A company as an ‘entity’ can open a bank account, borrow money and operate just as a person might. A company can offer "limited liability" to the owners (shareholders) and directors, which stops the owners of the company from being sued for the debts of the business. Liability to creditors is limited to the amount of share capital and any capital assets that are vested in the company.
However, in the case of a limited company, ultimate control of a company is in the hands of the shareholders (members) who must meet every year at an annual general meeting to, amongst other things, elect the board of directors. In small companies the shareholders usually perform the role of the board of directors and management.
Types of Limited Company
There are a few different types of limited companies, each with their own benefits and drawbacks, and each suited to different types of ventures:
- Company Limited by Shares - The liability of a shareholder is limited to the nominal value of the shares. In this case if the company is successful then the value of the shares will increase but if the company fails the shareholders can lose their investment.
- Company Limited by Guarantee - The shareholder personally guarantees to contribute a fixed sum to the assets of the company if that company fails. This type of company has no share capital.
- Unlimited Company - The shareholder liability is not limited. This formation is particularly rare.
- Public Limited Company - The shareholders' liability is limited to the value of paid up shares. The minimum capital requirement is £50,000 and the Memorandum of Association must specify that it is a Public Limited Company.

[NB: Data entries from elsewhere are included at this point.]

(* For every $\nu,c>0$, the function $$z\mapsto\frac{\left(H_{-\nu-c}(z)\right)^2}{H_{-\nu}(z)\,H_{-\nu-2c}(z)}$$ is decreasing on $\mathbb{R}$.
   Context: For $\nu>0$ and $z\in\mathbb{R}$, $H_{-\nu}(z)=\frac{1}{\Gamma(\nu)}\int_0^\infty e^{-t^2-2tz}t^{\nu-1}\,dt$ (Hermite function; equivalently $H_{-\nu}(z)=2^{-\nu/2}e^{z^2/2}D_{-\nu}(\sqrt2 z)$ with $D$ the parabolic cylinder function). *)

From Stdlib Require Import Reals.
From Coquelicot Require Import Coquelicot.
Open Scope R_scope.

Definition Gamma_fn (nu : R) : R :=
  RInt_gen (fun t : R => exp (- t) * Rpower t (nu - 1))
           (at_right 0) (Rbar_locally p_infty).

Definition hermite_neg (nu z : R) : R :=
  / Gamma_fn nu *
  RInt_gen (fun t : R => exp (- t ^ 2 - 2 * t * z) * Rpower t (nu - 1))
           (at_right 0) (Rbar_locally p_infty).

From Stdlib Require Import Reals Lra.
From Coquelicot Require Import Coquelicot.
Open Scope R_scope.

(* Write [f_a(z) = int_0^oo e^(-t^2 - 2tz) t^(a-1) dt], so that [H_(-a) = f_a / Gamma(a)], and
   [x_a = f_(a+1) / f_a].  Differentiating under the integral sign gives [f_a' = -2 f_(a+1)],
   and an integration by parts gives [a f_a = 2 f_(a+2) + 2z f_(a+1)].  Hence
   [x_a' = -a + 2z x_a + 2 x_a^2], and [z^2 x_a x_(a+1) -> a (a+1) / 4] as [z -> +oo].
   With [q = nu + c] and [s = nu + 2c], the logarithmic derivative of
   [f_q^2 / (f_nu f_s)] is [-2 D] where [D = 2 x_q - x_nu - x_s].  The Riccati equations
   give [D' = m D - (x_nu - x_s)^2] for an explicit [m], so [D exp (- int m)] is
   nonincreasing; since [D > 0] for large [z] (strict convexity of [a (a+1)]), [D > 0]
   everywhere. *)

Lemma exp_le_compat x y : x <= y -> exp x <= exp y.
Proof.
  intros [Hlt|Heq]; [left; now apply exp_increasing | now rewrite Heq; right].
Qed.

Lemma ln_le_sub_1 x : 0 < x -> ln x <= x - 1.
Proof. intros Hx. generalize (exp_ineq1_le (ln x)). rewrite exp_ln; lra. Qed.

Therefore if you are seeking funding, you should be aware that the type of formation you choose can directly affect your chances of gaining funding from certain bodies. In general there are two types of initial investments:
- Development capital investment
A DCI is a type of initial funding where a venture capital fund subscribes to new shares of a start-up company or purchases existing shares.
- Buy ins/outs.
Buy - ins/outs occur where management and capital fund providers combine with other investors to form a new company to buy out of or into an existing business.
Capital investors invariably prefer limited company formations for the simple reason that control can be easily maintained as the company is confined to a strict regulatory environment. However Banks, may be more likely to favour other types of formation due to limited liability status and the costs of winding up a newly limited company.
Advantages
- Limited liability
- Capital can be raised through the issuing of shares.

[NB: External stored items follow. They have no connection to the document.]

Lemma size_le_rows p q : (forall i, row p i <= row q i) ->
  size (parts p) <= size (parts q).
Proof.
move=> le_pq; rewrite leqNgt; apply/negP => /row_pos pos_p.
by have := le_pq (size (parts q)); rewrite (row_beyond (leqnn _)); lia.
Qed.

Lemma part_ext p q : (forall i, row p i = row q i) -> p = q.
Proof.
move=> eq_pq; apply: val_inj; apply: (eq_from_nth (x0 := 0)) => [|i _].
  by apply/eqP; rewrite eqn_leq !size_le_rows // => i; rewrite eq_pq.
exact: eq_pq.
Qed.

Lemma youngE p q : p <<= q <-> forall i, row p i <= row q i.
Proof.
split=> [[le_size le_rows] i|le_rows].
  by case: (ltnP i (size (parts p))) => [/le_rows|/row_beyond ->].
by split=> [|i _]; [apply: size_le_rows | apply: le_rows].
Qed.

Lemma young_trans p q r : p <<= q -> q <<= r -> p <<= r.
Proof.
move=> /youngE le_pq /youngE le_qr; apply/youngE => i.
exact: leq_trans (le_pq i) (le_qr i).
Qed.

Lemma young_antisym p q : p <<= q -> q <<= p -> p = q.
Proof.
move=> /youngE le_pq /youngE le_qp; apply: part_ext => i.
by apply/eqP; rewrite eqn_leq le_pq le_qp.
Qed.

Lemma row_neq p q i : row p i <> row q i -> p <> q.
Proof. by move=> neq_i eq_pq; apply: neq_i; rewrite eq_pq. Qed.

Lemma not_young_row p q : ~ p <<= q -> exists i, row q i < row p i.
Proof.
move=> not_le; apply: NNPP => no_row; apply: not_le; apply/youngE => i.
by rewrite leqNgt; apply/negP => lt_i; apply: no_row; exists i.
Qed.

Lemma young_lt_row p q : p <<= q -> p <> q -> exists i, row p i < row q i.
Proof.
move=> le_pq neq_pq; apply: not_young_row => le_qp.
exact: neq_pq (young_antisym le_pq le_qp).
Qed.

Lemma noninc_step f : (forall i, f i.+1 <= f i) -> noninc f.
Proof.
move=> step i j; elim: j => [|j IH] le_ij; first by have -> : i = 0 by lia.
case: (ltnP i j.+1) => [lt_ij|le_ji]; last by have -> : i = j.+1 by lia.
by have := step j; have := IH lt_ij; lia.
Qed.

- The company does not cease to exist because a director or shareholder dies.
Disadvantages
- The advantage of limited liability can be quickly negated through the imposition of a personal guarantee.
- Control is limited
- There is 'double taxation' i.e. a company pays corporation tax on its profits.
- Shareholders pay capital gains tax on sale of the shares and income tax on the dividend.
- Must keep statutory books.
- Legal costs can be high in the event of the company having to cease trading.